Zeig mal Deinen Code und markier bitte die Zeile, bei der der Compiler einen Fehler ausspuckt.
In was für einem Objekt zeigst Du das Bild an und kannst Du das als Bitmap speichern? Wenn ja, dann gibt es etliche Beispielcodes (bei Planet Sourcecode z.B.) wie Du das in ein Jpeg umwandeln kannst.


----------



## AleX (2. Juni 2003)

hi, also code hab ich ja im Moment noch garkeinen.  

Im Moment:
Ich hab nen DataFeld *data1* dem als Databasename die Access-DB angegeben ist.
Dann hab ich ein OLE-Feld, das als Datasource *data1* und als DataField Bild (<- der Name der Spalte in der AccessDB, in der die Bilder als OLE-Objekte hängen)angegeben hat.

Nun kann ich mit dem *data1* die Zeilen in der AccessDB nacheinander durchspringen und unten wird mir das OLE Objekt im OLE-Feld als Bild korrekt angezeigt.

Leg ich jetzt die selben eigenschaften des OLE-Feldes auf ein Image-Feld, kommt beim durchspringen der Bilder jedes mal die Fehlermeldung "Ungültiges Bild". <- Das ist ja auch klar, da in dem Ole noch der OLE-Header hängt usw...
Aber wie bekomem ich den weg, so dass ich das dargestellte 'Bild' als jpg abspeichern kann.

Hoffe dass das nun verständlich ist. ;-) 
Sorry, wenns das beim ersten mal nicht wirklich war. Ist nur leider so, dass ich noch nie was mit VB gemacht hab und das nur ein Ausnahmefall ist, da das ganze per Java noch vielll schwerer ist.

alex


----------



## Thomas Darimont (2. Juni 2003)

Servus!

Vielleicht hilft das hier ... ;-)

für JPG guckst du hier:

http://www.vbarchiv.net/archiv/tipp_details.php?pid=425

Gruss Tom


----------



## AleX (3. Juni 2003)

hi tdar2.

Danke, hilft mir aber leider auch nicht weiter.
In dem Beispiel ist das Bild ja von anfang an ein Image und nie ein OLE-Objekt.

Mein Problem ist, ich hab jetzt ein OLE-Objekt und will das als Bild speichen.

Das Bild sehe ich ja auch nur, wenn ich es einer OLE-Komponente hinzufüge.
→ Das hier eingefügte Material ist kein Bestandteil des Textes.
Lemma right_deriv_within_gt T f t D : right_deriv_within T f t D -> 0 < D ->
  \forall s \near within T t^'+, f t < f s.
Proof.
move=> df D0; near=> s.
have ts : t < s by near: s; apply: cvg_within; exact: nbhs_right_gt.
have : 0 < (f s - f t) / (s - t) by near: s; exact: cvgr_gt df _ D0.
by rewrite pmulr_lgt0 ?invr_gt0 ?subr_gt0.
Unshelve. all: by end_near.
Qed.


End RightDerivative.

Section Induction.
Variable R : realType.
Implicit Types (T : set R) (P : R -> Prop).

Lemma time_scale_induction_left T t0 m P : closed T -> T t0 -> T m -> t0 <= m ->
  P t0 ->
  (forall t, T t -> t0 <= t -> t < m -> (forall s, T s -> t < s -> m <= s) ->
     P t -> P m) ->
  (t0 < m -> closure [set s | T s /\ t0 <= s /\ s < m] m -> P m) ->
  (forall s, T s -> t0 <= s -> s < m -> P s) -> P m.
Proof.
move=> cT Tt0 Tm t0m P0 scattered dense before.
have [<-//|t0_neq_m] := eqVneq t0 m.
have {t0_neq_m} t0m : t0 < m by rewrite lt_neqAle t0_neq_m.
set G := [set s | T s /\ t0 <= s /\ s < m].
have Gt0 : G t0 by [].
have ubG : ubound G m by move=> s [_ [_ /ltW]].
have clG : closure G (sup G) by apply: closure_sup; [exists t0 | exists m].
have Tr : T (sup G) by apply: cT; apply: closure_subset clG => s [].
have t0r : t0 <= sup G by apply: ub_le_sup => //; exists m.
have : sup G <= m by apply: ge_sup => //; exists t0.
rewrite le_eqVlt => /predU1P[rm|rm].
  by apply: dense; rewrite // -[X in closure _ X]rm.
apply: (scattered (sup G)) => // [s Ts rs|]; last exact: before.
rewrite leNgt; apply/negP => sm.
have : s <= sup G by apply: ub_le_sup; [exists m | split => //; split => //; lra].
by rewrite leNgt rs.
Qed.

(* The induction principle for time scales (Bohner--Peterson, Thm 1.7) on [t0, b]. *)
Lemma time_scale_induction T t0 b P : closed T -> T t0 -> P t0 ->
  (forall t u, T t -> T u -> t0 <= t -> t < u -> u <= b ->
     (forall s, T s -> t < s -> u <= s) -> P t -> P u) ->
  (forall t, T t -> t0 <= t -> t < b -> closure [set s | T s /\ t < s] t ->
     P t -> \forall s \near within T t^'+, P s) ->
  (forall t, T t -> t0 < t -> t <= b ->
     closure [set s | T s /\ t0 <= s /\ s < t] t ->
     (forall s, T s -> t0 <= s -> s < t -> P s) -> P t) ->
  forall t, T t -> t0 <= t -> t <= b -> P t.
Proof.
move=> cT Tt0 P0 scattered right_dense left_dense t Tt t0t tb.
apply: contrapT => nPt.
set F := [set s | T s /\ t0 <= s /\ s <= b /\ ~ P s].
have lbF : lbound F t0 by move=> s [_ []].
have clF : closure F (inf F) by apply: closure_inf; [exists t | exists t0].
set m := inf F in clF.
have Tm : T m by apply: cT; apply: closure_subset clF => s [].
have t0m : t0 <= m by apply: lb_le_inf => //; exists t.
have mt : m <= t by apply: ge_inf => //; exists t0.
have before : forall s, T s -> t0 <= s -> s < m -> P s.
  move=> s Ts t0s sm; apply: contrapT => nPs.
  have : m <= s by apply: ge_inf; [exists t0 | do !split => //; lra].
  by rewrite leNgt sm.
have Pm : P m.
  apply: (time_scale_induction_left cT Tt0 Tm t0m P0) => //
    [u Tu t0u um next Pu|t0m' clm].
    by apply: (scattered u m) => //; lra.
  by apply: left_dense => //; lra.
have F_right : F `<=` [set s | T s /\ m < s].
  move=> s Fs; split; first exact: Fs.1.
  have ms : m <= s by apply: ge_inf => //; exists t0.
  rewrite lt_neqAle ms andbT; apply/eqP => ms'.
  by case: Fs => _ [_ [_]]; apply; rewrite -ms'.
have mb : m < b.
  by have [_ mt'] := F_right t (conj Tt (conj t0t (conj tb nPt))); lra.
have [s [Fs Ps]] := clF (fun s => m < s -> T s -> P s)
  (right_dense m Tm t0m mb (closure_subset F_right clF) Pm).
by have [Ts ms] := F_right s Fs; case: Fs => _ [_ [_]]; apply; exact: Ps.
Qed.
Lemma msize_c j : (msize (c j) <= (2 * d0 f c).+1)%N.
Proof.
have h1 : (uphalf (pdeg (c j)) <= \max_(j < p) uphalf (pdeg (c j)))%N.
  exact: (@leq_bigmax _ (fun j => uphalf (pdeg (c j))) j).
have h2 : (\max_(j < p) uphalf (pdeg (c j)) <= d0 f c)%N by rewrite leq_maxr.
move: h1 h2; rewrite /pdeg.
by move: (msize (c j)) (\max_(j < p) uphalf (pdeg (c j))) (d0 f c) => a b d; lia.
Qed.

(* By Jensen, the first moments of a feasible y form a point of K whose
   f-values are dominated by v. *)
Lemma V1_dominated v : (forall i, sos_convex (f i)) ->
  (forall j, sos_convex (- c j)) -> V1 f c v -> dominated v.
Proof.
move=> hf hc [y [y0 hpsd hcy hfy]].
exists (fun i => mpair 'X_i y).
  move=> j; have := jensen y0 hpsd _ (hc j).
  rewrite msizeN mevalN mpairN => /(_ (msize_c j)) h.
  by have := hcy j; lra.
by move=> i; apply: le_lt_trans (jensen y0 hpsd (msize_f i) (hf i)) (hfy i).
Qed.

(* Conversely, the moments of a point x in K are feasible for V1. *)
Lemma dominated_V1 v : dominated v -> V1 f c v.
Proof.
move=> [x hK hfx].
pose y : mvec R n (d0 f c) := fun a => ('X_[a : 'X_{1..n}]).@[x].
have pair_eval q : (msize q <= (2 * d0 f c).+1)%N -> mpair q y = q.@[x].
  move=> hq; rewrite [in RHS](mpolywE hq) raddf_sum /=; apply: eq_bigr => a _.
  by rewrite mevalZ.
exists y; split.
- by rewrite /mzero /y /= mpolyX0 meval1.
- pose w (i : 'I_#|{: 'X_{1..n < (d0 f c).+1}}|) := ('X_[enum_val i : 'X_{1..n}]).@[x].
  apply: (psd_rank1 (w := w)) => i j; rewrite mxE /y /madd_idx insubdK ?mpolyXD ?mevalM //.
  rewrite -topredE /= mdegD; have := bmdeg (enum_val i); have := bmdeg (enum_val j).
  by move: (mdeg _) (mdeg _) => a b; lia.
- by move=> j; rewrite pair_eval ?msize_c //; apply: hK.
- by move=> i; rewrite pair_eval ?msize_f //; apply: hfx.
Qed.

Lemma box_translate (v : 'I_m -> R) (e d : R) :
  `|d| < e -> box v e (fun i => v i + d).
Proof. by move=> hd i; rewrite addrC addKr. Qed.

Lemma dominated_open v : dominated v ->
  exists2 e : R, 0 < e & forall w, box v e w -> dominated w.
Proof.
move=> [x hK hfx].
exists (\big[Order.min/(1:R)]_i (v i - fval f x i)).
  by apply: lt_bigmin => // i _; rewrite subr_gt0.
move=> w hw; exists x => // i.
have h1 := bigmin_le (1:R) i (fun i => v i - fval f x i).
have := hw i; rewrite ltr_norml => /andP[h2 _].
by move: h1 h2; set e := \big[_/_]_i _; lra.
Qed.

Lemma interior_U v : interiorR (Uset f c) v <-> dominated v.
Proof.
split.
- move=> [e e0 H].
  have [x hK hx] : Uset f c (fun i => v i - e / 2).
    by apply: H; apply: box_translate; rewrite normrN ger0_norm; lra.
  by exists x => // i; have := hx i; lra.
- move=> /dominated_open [e e0 H]; exists e => // w /H [x hK hx].
  by exists x => // i; apply/ltW.
Qed.

Lemma interior_closure_V1 (hf : forall i, sos_convex (f i))
    (hc : forall j, sos_convex (- c j)) v :
  interiorR (closureR (V1 f c)) v <-> dominated v.
Proof.
split.
- move=> [e e0 H].
  have hcl : closureR (V1 f c) (fun i => v i - e / 2).
    by apply: H; apply: box_translate; rewrite normrN ger0_norm; lra.
  have [|w [hb hV]] := hcl (e / 2); first lra.
  have [x hK hx] := V1_dominated hf hc hV.
  exists x => // i; have := hx i; have := hb i.
  by rewrite ltr_norml => /andP[_ h2]; lra.
- move=> /dominated_open [e e0 H]; exists e => // w /H hw e' e'0.
  by exists w; split; [move=> i; rewrite subrr normr0 | apply: dominated_V1].
Qed.

Lemma image_in_closure v x0 : Kset c x0 -> fval f x0 = v ->
  closureR (closureR (V1 f c)) v.
Proof.
move=> hK hv e e0; exists (fun i => v i + e / 2).
split; first by apply: box_translate; rewrite ger0_norm; lra.
move=> e' e'0; exists (fun i => v i + e / 2); split.
  by move=> i; rewrite subrr normr0.
by apply: dominated_V1; exists x0 => // i; rewrite hv; lra.
Qed.

End Relaxation.

Unset Implicit Arguments.
Theorem theorem3p3 (R : realType) (n m p : nat)
    (f : 'I_m -> {mpoly R[n]}) (c : 'I_p -> {mpoly R[n]}) :
  (exists xK, interiorR (Kset c) xK) ->
  (forall i, sos_convex (f i)) ->
  (forall j, sos_convex (- c j)) ->
  (forall v, interiorR (Uset f c) v <-> V1 f c v) /\
  (forall v, (exists2 x, Kset c x & fval f x = v) ->
     (weakly_pareto_value f c v <-> boundaryR (closureR (V1 f c)) v)).
Proof.
move=> _ hf hc; split.
  move=> v; rewrite interior_U; split; [exact: dominated_V1 | exact: V1_dominated].
move=> v [x0 hK0 hv]; split.
- move=> [xs [hKs not_dominated] hxs]; split; first exact: image_in_closure hK0 hv.
  move/(interior_closure_V1 hf hc) => [x hK hx]; apply: not_dominated.
  by exists x => //; rewrite hxs.
- move=> [_ not_interior]; exists x0 => //; split => // [[x hK hx]].
  apply: not_interior; apply/(interior_closure_V1 hf hc); exists x => //.
  by rewrite -hv.
Qed.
Wenn ich es einem Image übergeben will kommt ja der fehler, dass es ein ungültiges Bild ist.

Bitte, ist wichtig, kann mir denn keiner weiterhelfen?


----------



## Dario Linsky (3. Juni 2003)

Ich bin nicht ganz sicher, wie bei MS Access die Inhalte für binäre Felder verwaltet werden. Aber soweit ich weiss, werden in diesen Feldern die einzelnen Bytes der Binärdatei gespeichert.
Mit anderen Worten: Du kannst wahrscheinlich einfach die Bytefolge als Array auslesen und in eine Binärdatei schreiben.

Ob das klappt, kann ich Dir allerdings nicht definitiv sagen. Ist nur eine Vermutung...


----------



## Thomas Darimont (3. Juni 2003)

Servus!

Wenn du das Bild, wie in meinem Beispiel per Drag'n'Drop aus dem "Drag" Kasten heraus, in den Dropkasten verschiebst, verwandelt sich das Bild auch in ein "OLE-Image" ... deswegen "caste" ich ja mit Data.getData(VBCFImage) ...

`Gibt glaube ich noch vbCFDIB (Device Independent Bitmap) und vbCFMETA ... versuchs doch mal mit einen der beiden ...

Musst eben nur die Datan aus der DB lesen und sie in den entsprechenden Datentyp "Casten" (Umwandeln) ---> vbCFImage bzw. alternativen... wenn du die Daten dann mal hast, kannst due sie mit der DLL wie im Link beschrieben als JPG speichern ...

Gruss Tom


----------



## Thomas Darimont (3. Juni 2003)

Servus!



> Ich bin nicht ganz sicher, wie bei MS Access die Inhalte für binäre Felder verwaltet werden. Aber soweit ich weiss, werden in diesen Feldern die einzelnen Bytes der Binärdatei gespeichert.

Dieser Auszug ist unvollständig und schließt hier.